Hundreds of central coast holiday home-rentals in the Gosford local government area have been exposed as unlawful by a recent Land and Environment Court judgment, which has the potential to have broader implications throughout other parts of the State.

In a case brought by one home owner against a neighbour in the popular tourist destination Terrigal (Dobrohotoff v Bennic [2013] NSWLEC 61), the Court found that renting out a home in the 2(a) Residential Zone for short term holiday letting is prohibited, and in breach of the Environmental Planning and Assessment Act (Act). Many owners who rent homes out to holiday makers are now open to potential civil or criminal proceedings for their actions.

The decision hinges on the interpretation of what uses are permissible in the residential 2(a) zone of the Gosford Planning Scheme Ordinance (PSO).  In short, the Court found that short term ‘holiday letting’ of a house is not a “residential dwelling” use. Instead it is a separate, different type of use, contrary to the zone objectives and, in this case, prohibited in the zone.

The decision will equally apply in other local government areas if their local environmental plan (LEP) provisions are similar.

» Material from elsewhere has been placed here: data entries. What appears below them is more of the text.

Definition fresh (pre : seq 'I_n) (u : 'I_n) : bool := [&& u \notin Rs, u \notin pre & u != x].

Lemma card_fresh_above (A : {set 'I_n}) pre T : 0 <= T -> (size pre < m)%N ->
  T + alpha * N / 2 <= #|A|%:R ->
  alpha * N / 3 <= #|[set u in A | fresh pre u && (T < label u)]|%:R.
Proof.
move=> T_ge0 lt_pre_m A_large; set C := [set u in A | _].
have := card_label_le T_ge0; set low := [set u | label u <= T] => card_low.
have sub_A : A \subset C :|: Rs :|: [set u in pre] :|: [set x] :|: low.
  apply/subsetP => u uA; rewrite !inE uA /fresh ltNge.
  by case: (u \in Rs); case: (u \in pre); case: (u == x); case: (label u <= T).
have card_pre : (#|[set u in pre]| + 1 <= m)%N.
  by rewrite addn1 cardsE; apply: leq_ltn_trans (card_size pre) lt_pre_m.
have le_A : (#|A| <= #|C| + #|Rs| + #|[set u in pre]| + #|[set x]| + #|low|)%N.
  apply: leq_trans (subset_leq_card sub_A) _.
  by do 4!(apply: leq_trans (leq_card_setU _ _).1 _; rewrite leq_add2r).
move: le_A card_pre; rewrite cards1 -!(ler_nat R) !natrD.
have := Rs_small; lra.
Qed.

(* In a choice sequence, position 4i+r (r = 0, 1, 2, 3) holds the vertex y_i, w_i,
   v_i, z_i of the absorber: in this order every vertex comes after all the vertices
   it shares an edge with.  [links s i r] lists the pairs (a, b) with which the vertex
   chosen for that position must form an edge. *)
Definition links (s : seq 'I_n) (i r : nat) : seq ('I_n * 'I_n) :=
  let y q := nth x s (4 * q)%N in
  let w q := nth x s (4 * q + 1)%N in
  let v q := nth x s (4 * q + 2)%N in
  let z q := nth x s (4 * q + 3)%N in
  let last := if i == (2 * k).-1%N then [:: (w i, y i)] else [::] in
  if i == 0 then
    match r with 0 => [::] | 1 => [:: (x, y 0)] | 2 => [:: (w 0, x)] | _ => [:: (x, y 0)] end
  else
    match r with
    | 0 => [:: (v i.-1, w i.-1)]
    | 1 => [:: (y i.-1, z i.-1)]
    | 2 => (w i, y i.-1) :: last
    | _ => (w i.-1, y i) :: last
    end.

(* The last two vertices of the final block belong to no pair of [links], so
   they need no lower bound on their value; all others must lie above the level of
   their block. *)
Definition exempt (j : nat) : bool := ((j %/ 4 == (2 * k).-1) && (2 <= j %% 4))%N.

Definition threshold (j : nat) : R := if exempt j then 0 else level (j %/ 4)%N.

Definition admissible (pre : seq 'I_n) (u : 'I_n) : bool :=
  [&& fresh pre u, threshold (size pre) < label u
    & u \in nbhd (links pre (size pre %/ 4)%N (size pre %% 4)%N)].

Definition chosen (s : seq 'I_n) : bool := greedy admissible [::] s.

Lemma links_take s j i r : (4 * i + r <= j)%N -> links (take j s) i r = links s i r.
Proof.
rewrite /links; case: eqP => [->|i_neq0]; case: r => [|[|[|r]]] le_j //=;
  rewrite ?nth_take //; lia.
Qed.

Lemma chosenP s q : chosen s -> (q < size s)%N -> admissible (take q s) (nth x s q).
Proof. exact: greedyP. Qed.

Lemma chosen_uniq s : chosen s -> uniq (x :: s).
Proof.
suff ext_uniq pre : greedy admissible pre s -> uniq (x :: pre) -> uniq (x :: pre ++ s).
  by move/ext_uniq; apply.
elim: s pre => [|y s IHs] pre /=; first by rewrite cats0.
case/andP=> /and3P[/and3P[_ y_pre y_x] _ _] /IHs; rewrite cat_rcons => ext_y.
case/andP=> x_pre u_pre; apply: ext_y.
by rewrite /= mem_rcons rcons_uniq !inE negb_or eq_sym y_x x_pre y_pre u_pre.
Qed.

Lemma chosen_label s q : chosen s -> (q < size s)%N -> threshold q < label (nth x s q).
Proof.
by move=> cs lt_qs; case/and3P: (chosenP cs lt_qs) => _; rewrite size_take lt_qs.
Qed.

Lemma chosen_links s i r : chosen s -> (r < 4)%N -> (4 * i + r < size s)%N ->
  nth x s (4 * i + r) \in nbhd (links s i r).
Proof.
move=> cs lt_r4 lt_js; case/and3P: (chosenP cs lt_js) => _ _; rewrite size_take lt_js.
have [-> ->] : ((4 * i + r) %/ 4 = i /\ (4 * i + r) %% 4 = r)%N by split; lia.
by rewrite links_take.
Qed.

Lemma chosen_label_above s i q : chosen s -> (q < size s)%N -> ~~ exempt q ->
  (i <= (q %/ 4).+1)%N -> level i - alpha * N / 2 <= label (nth x s q).
Proof.
move=> cs lt_qs not_exempt /level_step.
by have := chosen_label cs lt_qs; rewrite /threshold (negbTE not_exempt); lra.
Qed.

Lemma links_above s i r : chosen s -> size s = (4 * i + r)%N -> (r < 4)%N ->
  (i < 2 * k)%N -> all (pair_above i) (links s i r).
Proof.
move=> cs size_s lt_r4 lt_ik.
have above q : (q < size s)%N -> ((q %/ 4).+1 < 2 * k)%N || (q %% 4 < 2)%N ->
    (i <= (q %/ 4).+1)%N -> level i - alpha * N / 2 <= label (nth x s q).
  by move=> lt_qs not_exempt; apply: chosen_label_above; rewrite /exempt //; lia.
have neq q1 q2 : (q1 < size s)%N -> (q2 < size s)%N -> q1 != q2 -> nth x s q1 != nth x s q2.
  by move=> lt1 lt2; rewrite nth_uniq //; case/andP: (chosen_uniq cs).
have x_neq q : (q < size s)%N -> x != nth x s q.
  move=> lt_qs; case/andP: (chosen_uniq cs) => x_s _.
  by apply: contraNneq x_s => ->; rewrite mem_nth.
rewrite /links /pair_above; case: eqP => [i0|i_neq0].
  have low u : level i - alpha * N / 2 <= label u.
    by rewrite i0 level0 sub0r; have := label_ge0 u; have := alphaN_ge0; lra.
  by case: r size_s lt_r4 => [|[|[|[|r]]]] //= size_s _;
    rewrite !low ?x_neq 1?eq_sym ?x_neq //; lia.
case: r size_s lt_r4 => [|[|[|[|r]]]] //= size_s _; try case: ifP => //= last;
  rewrite !andbT ?neq ?above //; lia.
Qed.

Lemma size_links s i r : (r < 4)%N ->
  (size (links s i r) <= (if exempt (4 * i + r) then 2 else 1))%N.
Proof.
move=> lt_r4; rewrite /links /exempt.
have [-> ->] : ((4 * i + r) %/ 4 = i /\ (4 * i + r) %% 4 = r)%N by split; lia.
by case: eqP => [->|i_neq0]; case: r lt_r4 => [|[|[|[|r]]]] //= _; case: eqP => //=; lia.
Qed.

Lemma card_nbhd_links s : chosen s -> (size s < m)%N ->
  threshold (size s) + alpha * N / 2
    <= #|nbhd (links s (size s %/ 4)%N (size s %% 4)%N)|%:R.
Proof.
move=> cs lt_sm; set i := (size s %/ 4)%N; set r := (size s %% 4)%N.
have size_s : size s = (4 * i + r)%N by rewrite /i /r; lia.
have lt_r4 : (r < 4)%N by rewrite /r; lia.
have /allP above := links_above cs size_s lt_r4 (ltac:(rewrite /i; lia) : (i < 2 * k)%N).
have le_thr : threshold (4 * i + r) <= level i.
  rewrite /threshold; case: ifP => _; rewrite ?level_ge0 //.
  by have -> : ((4 * i + r) %/ 4 = i)%N by lia.
have := size_links s i lt_r4; rewrite size_s.
case: (links s i r) above => [|p [|q [|? ?]]] //= above.
- move=> _; have -> : nbhd [::] = setT by apply/setP => u; rewrite !inE.
  rewrite cardsT card_ord; have := level_le_half i; have := alpha_le_half.
  have : 0 <= N by rewrite ler0n.
  nra.
- by move=> _; apply: le_trans (card_nbhd_pair (above p (mem_head _ _))); lra.
- case: ifP => // exempt_j _; rewrite /threshold exempt_j add0r.
  have le_ki : (k <= i)%N by move: exempt_j; rewrite /exempt; lia.
  have q_in : q \in [:: p; q] by rewrite mem_seq2 eqxx orbT.
  have := card_nbhd_two le_ki (above p (mem_head _ _)) (above q q_in).
  by have := alphaN_ge0; lra.
- by case: ifP.
Qed.

Lemma card_admissible s : chosen s -> (size s < m)%N ->
  alpha * N / 3 <= #|[set u | admissible s u]|%:R.
Proof.
move=> cs lt_sm; have thr_ge0 : 0 <= threshold (size s).
  by rewrite /threshold; case: ifP; rewrite ?level_ge0.
apply: le_trans (card_fresh_above thr_ge0 lt_sm (card_nbhd_links cs lt_sm)) _.
rewrite ler_nat; apply: subset_leq_card; apply/subsetP => u.
by rewrite /admissible !inE => /andP[-> /andP[-> ->]].
Qed.

Definition swap_vy (j : nat) : nat :=
  (if j %% 4 == 0 then j + 2 else if j %% 4 == 2 then j - 2 else j)%N.

Lemma swap_vyK : involutive swap_vy.
Proof. by move=> j; rewrite /swap_vy; do ?case: ifP; lia. Qed.

Lemma swap_vy_lt j : (j < m)%N -> (swap_vy j < m)%N.
Proof. by rewrite /swap_vy; do ?case: ifP; lia. Qed.

Definition absorber_of (c : m.-tuple 'I_n) : m.-tuple 'I_n :=
  [tuple nth x c (swap_vy j) | j < m].

Lemma nth_absorber_of c j : (j < m)%N -> nth x (absorber_of c) j = nth x c (swap_vy j).
Proof. by move=> lt_jm; rewrite -[j]/(val (Ordinal lt_jm)) nth_mktuple. Qed.

Lemma absorber_ofK : involutive absorber_of.
Proof.
move=> c; apply: val_inj; apply: (@eq_from_nth _ x) => [|j]; rewrite !size_tuple // => lt_jm.
by rewrite !nth_absorber_of ?swap_vy_lt ?swap_vyK.
Qed.

Section ChosenAbsorber.
Variable c : m.-tuple 'I_n.
Hypothesis c_chosen : chosen c.

Local Notation t := (absorber_of c).

Lemma nth_absorber_block i : (i < 2 * k)%N ->
  [/\ nth x t (4 * i) = nth x c (4 * i + 2), nth x t (4 * i + 1) = nth x c (4 * i + 1),
      nth x t (4 * i + 2) = nth x c (4 * i) & nth x t (4 * i + 3) = nth x c (4 * i + 3)]%N.
Proof.
by move=> lt_ik; split; rewrite nth_absorber_of /swap_vy; try lia; congr nth; do ?case: ifP; lia.
Qed.

Lemma chosen_edges i r : (r < 4)%N -> (4 * i + r < m)%N ->
  all (fun p => is_edge E p.1 p.2 (nth x c (4 * i + r))) (links c i r).
Proof.
move=> lt_r4 lt_jm; have := chosen_links (i := i) c_chosen lt_r4.
by rewrite size_tuple => /(_ lt_jm); rewrite inE.
Qed.

Lemma uniq_chosen_nths qs : uniq qs -> all (fun q => q < m)%N qs ->
  uniq [seq nth x c q | q <- qs].
Proof.
by move=> uqs lt_qs; apply: uniq_nths; rewrite ?size_tuple //; case/andP: (chosen_uniq c_chosen).
Qed.

Lemma absorber_first_path :
  tight_path E [:: nth x t (4 * 0); nth x t (4 * 0 + 1); x; nth x t (4 * 0 + 2);
                   nth x t (4 * 0 + 3)].
Proof.
have [-> -> -> ->] := nth_absorber_block (ltac:(lia) : (0 < 2 * k)%N).
have /= /andP[w0 _] := chosen_edges (i := 0) (r := 1) isT (ltac:(lia)).
have /= /andP[v0 _] := chosen_edges (i := 0) (r := 2) isT (ltac:(lia)).
have /= /andP[z0 _] := chosen_edges (i := 0) (r := 3) isT (ltac:(lia)).
rewrite is_edge_rotr in w0; rewrite is_edge_rotr in v0.
apply: (tight_path5 v0 w0 z0).
(* In [x :: c], the vertex x sits at index 0 and entry q of c at index q.+1. *)
have := @uniq_nths _ x (x :: c) [:: (4 * 0 + 2).+1; (4 * 0 + 1).+1; 0; (4 * 0).+1; (4 * 0 + 3).+1].
by apply; rewrite ?chosen_uniq //= ?size_tuple; lia.
Qed.

Lemma absorber_middle_paths i : (i.+1 < 2 * k)%N ->
  tight_path E [:: nth x t (4 * i); nth x t (4 * i + 1);
                   nth x t (4 * i.+1 + 2); nth x t (4 * i.+1 + 3)]
  && tight_path E [:: nth x t (4 * i.+1); nth x t (4 * i.+1 + 1);
                      nth x t (4 * i + 2); nth x t (4 * i + 3)].
Proof.
move=> lt_ik; have [-> -> -> ->] := nth_absorber_block (ltac:(lia) : (i < 2 * k)%N).
have [-> -> -> ->] := nth_absorber_block lt_ik.
have /= /andP[y1 _] := chosen_edges (i := i.+1) (r := 0) isT (ltac:(lia)).
have /= /andP[w1 _] := chosen_edges (i := i.+1) (r := 1) isT (ltac:(lia)).
have /= /andP[v1 _] := chosen_edges (i := i.+1) (r := 2) isT (ltac:(lia)).
have /= /andP[z1 _] := chosen_edges (i := i.+1) (r := 3) isT (ltac:(lia)).
rewrite addn0 in y1; rewrite is_edge_rotr in w1; rewrite is_edge_rotr in v1.
apply/andP; split; [apply: (tight_path4 y1 z1) | apply: (tight_path4 v1 w1)].
  have := @uniq_chosen_nths [:: 4 * i + 2; 4 * i + 1; 4 * i.+1; 4 * i.+1 + 3]%N.
  by apply; rewrite /= ?inE; lia.
have := @uniq_chosen_nths [:: 4 * i.+1 + 2; 4 * i.+1 + 1; 4 * i; 4 * i + 3]%N.
by apply; rewrite /= ?inE; lia.
Qed.

Lemma absorber_last_path (p := (2 * k).-1) :
  tight_path E [:: nth x t (4 * p); nth x t (4 * p + 1); nth x t (4 * p + 2);
                   nth x t (4 * p + 3)].
Proof.
have lt_pk : (p < 2 * k)%N by rewrite /p; lia.
have [-> -> -> ->] := nth_absorber_block lt_pk.
have p_neq0 : (p == 0) = false by rewrite /p; lia.
have := chosen_edges (i := p) (r := 2) isT (ltac:(lia)).
rewrite /links p_neq0 eqxx /= => /and3P[_ + _]; rewrite is_edge_rotr => v_last.
have := chosen_edges (i := p) (r := 3) isT (ltac:(lia)).
rewrite /links p_neq0 eqxx /= => /and3P[_ z_last _].
apply: (tight_path4 v_last z_last).
have := @uniq_chosen_nths [:: 4 * p + 2; 4 * p + 1; 4 * p; 4 * p + 3]%N.
by apply; rewrite /= ?inE; lia.
Qed.

Lemma chosen_absorber : t \in absorbers_outside E Rs (2 * k) x.
Proof.
have [_ uc] := andP (chosen_uniq c_chosen).
rewrite inE; apply/andP; split; last first.
  apply/allP => u /(nthP x)[j]; rewrite size_tuple => lt_jm <-.
  have lt_sjm : (swap_vy j < size c)%N by rewrite size_tuple swap_vy_lt.
  by rewrite nth_absorber_of //; case/and3P: (chosenP c_chosen lt_sjm) => /and3P[].
apply/and4P; split.
- apply/(uniqP x) => j1 j2; rewrite !inE size_tuple => lt1 lt2.
  rewrite !nth_absorber_of // => /eqP; rewrite nth_uniq ?size_tuple ?swap_vy_lt //.
  by move=> /eqP/(congr1 swap_vy); rewrite !swap_vyK.
- exact: absorber_first_path.
- by apply/allP => i; rewrite mem_iota => /andP[_ lt_i]; apply: absorber_middle_paths; lia.
- by rewrite subn1; apply: absorber_last_path.
Qed.

End ChosenAbsorber.

Lemma card_absorbers_outside :
  (alpha * N / 3) ^+ m <= #|absorbers_outside E Rs (2 * k) x|%:R.
Proof.
have aN3_ge0 : 0 <= alpha * N / 3 by have := alphaN_ge0; lra.
apply: le_trans (card_greedy_ge aN3_ge0 (fun s lt_sm cs => card_admissible cs lt_sm)) _.
rewrite ler_nat -(card_imset _ (inv_inj absorber_ofK)).
apply: subset_leq_card; apply/subsetP => a /imsetP[c]; rewrite inE => cs ->.
exact: chosen_absorber.
Qed.

End Absorbers.

Theorem lemma5p2 (R : realType) :
  exists alpha0 : R, 0 < alpha0 /\
  forall (alpha : R) (k : nat),
    0 < alpha -> alpha <= alpha0 -> alpha^-1 = k%:R ->
    (* s(alpha) = 2/alpha = 2k *)
    exists theta0 : R, 0 < theta0 /\
    forall theta : R, 0 < theta -> theta <= theta0 ->
    exists n0 : nat, forall n : nat, (n0 <= n)%N ->
    forall (E : {set {set 'I_n}}),
      three_uniform E ->
      (forall i j : 'I_n, i != j ->
         (pair_deg E i j)%:R >=
           Num.min (Num.min (i.+1)%:R (j.+1)%:R) (n%:R / 2) + alpha * n%:R) ->
    forall Rs : {set 'I_n},
      theta ^+ 2 / 2 * n%:R <= #|Rs|%:R ->
      #|Rs|%:R <= theta ^+ 2 * n%:R ->
      (exists L : nat, (0 < L)%N /\
         forall x y w z : 'I_n,
           x != y -> w != z -> x != w -> x != z -> y != w -> y != z ->
           theta * (#|Rs|%:R ^ (L%:Z - 2)) / 2
             <= #|conn_paths E Rs L x y w z|%:R) ->
    forall x : 'I_n,
      (alpha * n%:R / 3) ^+ (4 * (2 * k))
        <= #|absorbers_outside E Rs (2 * k) x|%:R.
Proof.
exists (1 / 2); split; first lra.
move=> alpha k alpha_gt0 alpha_le alpha_inv.
have alpha_k : alpha * k%:R = 1 by rewrite -alpha_inv mulfV ?gt_eqF.
have k_ge2 : (2 <= k)%N by rewrite -(ler_nat R); nra.
exists (alpha / 4); split; first lra.
move=> theta theta_gt0 theta_le; exists (100 * k * k)%N.
move=> n le_n0 E _ deg_ge Rs _ Rs_le _ x.
have n_ge : 100 * k%:R * k%:R <= n%:R :> R by rewrite -!natrM ler_nat.
have aN_ge : 100 * k%:R <= alpha * n%:R.
  have := ler_wpM2l (ltW alpha_gt0) n_ge.
  by rewrite mulrA mulrCA mulrA -mulrA alpha_k mulr1 mulrC.
have theta2 : theta ^+ 2 <= alpha / 32.
  have : theta * theta <= alpha / 4 * (alpha / 4) by apply: ler_pM; lra.
  have : alpha * alpha <= alpha * (1 / 2) by apply: ler_wpM2l; lra.
  by rewrite expr2; lra.
have theta2N := ler_wpM2r (ler0n R n) theta2.
apply: card_absorbers_outside => //; rewrite natrM natrM.
have : 0 <= k%:R :> R by rewrite ler0n.
lra.
Qed.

The holiday house next to a family home

The case involved the not unusual set of circumstances where a house in a residential zone within a popular seaside tourist suburb was let out for short-term stays, typically over weekends and generally for no longer than one week at a time. As a consequence, the property was often host to loud, late parties and events such as ‘hens parties’ and ‘buck’s nights’, and was the site of large congregations, sometimes attended by “strippers or worse”. The situation became unbearable for the neighbours, who had undoubtedly suffered stress and anxiety, and who had complained to Gosford Council over the years but had received no support or action from the Council.

The legal arguments

The legal basis of the neighbours’ complaints was that the land was not being ‘used for the purposes of a dwelling house’, because the short term nature of its occupation by transient guests / tenants was not compatible with the concept of a ‘dwelling’.  Further, there was no other applicable landuse permissible in the Residential zone that could conceivably authorise tourist accommodation (for example, ‘holiday letting’ and ‘short term accommodation’ were not permissible landuses in the zone). Of course, the real issue was the amenity impacts that were being caused by the occupants, but that of itself was not grounds for a private landowner to initiate Land and Environment Court proceedings.

The landlord freely admitted to renting the property out for short term rentals via the popular website ‘Stayz’, but argued that to do so was lawful, as there is no legal requirement that a ‘dwelling house’ be resided in by a particular family or occupant for any minimum period of time – rather the house was being used for accommodation and sleep, in precisely the manner that would be expected in any popular suburban tourist destination.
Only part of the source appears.